American intelligence officials were so concerned by the poisoning of ex-Russian spy Sergei Skripal and his daughter in England earlier this year that they have begun to reassess the danger facing former spies living in the United States, The New York Times reported Thursday.
According to the Times, Moscow's intelligence agencies have tracked down several Russians who secretly served as CIA informants and were resettled in the United States through a secret protective program.
Now, counterintelligence officials have done a wide-reaching review of every former Russian informant currently in the United States, the Times reported, citing an unnamed U.S. official.

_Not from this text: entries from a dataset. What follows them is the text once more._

Lemma eigsp_lin x l k u v : eig x l u -> eig x l v -> eig x l (k *: u + v).
Proof. by rewrite /eigsp => hu hv; amul_expand; rewrite hu hv; lmod_ring. Qed.
Lemma eigsp0 x l : eig x l 0. Proof. by rewrite /eigsp amul0l scaler0. Qed.
Lemma eigspD x l u v : eig x l u -> eig x l v -> eig x l (u + v).
Proof. by move=> hu hv; have := eigsp_lin 1 hu hv; rewrite scale1r. Qed.
Lemma eigspZ x l k u : eig x l u -> eig x l (k *: u).
Proof. by move=> hu; have := eigsp_lin k hu (eigsp0 x l); rewrite addr0. Qed.
Lemma eigspB x l u v : eig x l u -> eig x l v -> eig x l (u - v).
Proof. by move=> hu hv; rewrite -scaleN1r addrC; apply: eigsp_lin. Qed.

Lemma graph_path_start S x z : graph_path mul S x z -> S x.
Proof. by case. Qed.

Lemma graph_path_first_step S x z : graph_path mul S x z -> x <> z ->
  exists2 y, S y & adj mul x y.
Proof. by case=> [//|x' y z' _ xy p] _; exists y => //; apply: graph_path_start p. Qed.

Lemma generates_lspan S : generates mul S ->
  (forall x y, lspan S x -> lspan S y -> lspan S (mul x y)) -> forall x, lspan S x.
Proof.
move=> S_gen lspanM; apply: S_gen; last exact: lspan_mem.
by split; [exact: lspan0 | split; [exact: lspan_lin | exact: lspanM]].
Qed.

The review includes examining security measures to protect the ex-spies — and searching for potential liabilities, including assessing how easy it might be to find the informants through social media, family ties, and other clues, the Times reported.
British authorities earlier this month announced charges against two Russian nationals for the poisoning of the Skripals. The British authorities allege the men worked for the GRU, Russia's military intelligence agency. The men deny involvement.
"The possibility of them doing the same thing here cannot be discounted — especially in light of them interfering in the 2016 election and Skripal," Frank Montoya Jr., a former top FBI counterintelligence official, told the Times.
The Kremlin intensified its efforts to find Russians cooperating with foreign intelligence agencies after relations with the West deteriorated following Russia's annexation of Crimea in 2014, the Times noted.
American officials have long believed Russian President Vladimir Putin, a former KGB officer, has a deep scorn for former intelligence agents who aid Western countries, though they doubted he would order an attack on U.S. soil. Now they are considering the possibility, the Times reported.
The Trump administration expelled dozens of Russian diplomats after Britain publicly accused Moscow of being behind the Skripal poisoning. Russia has denied any involvement in the attack.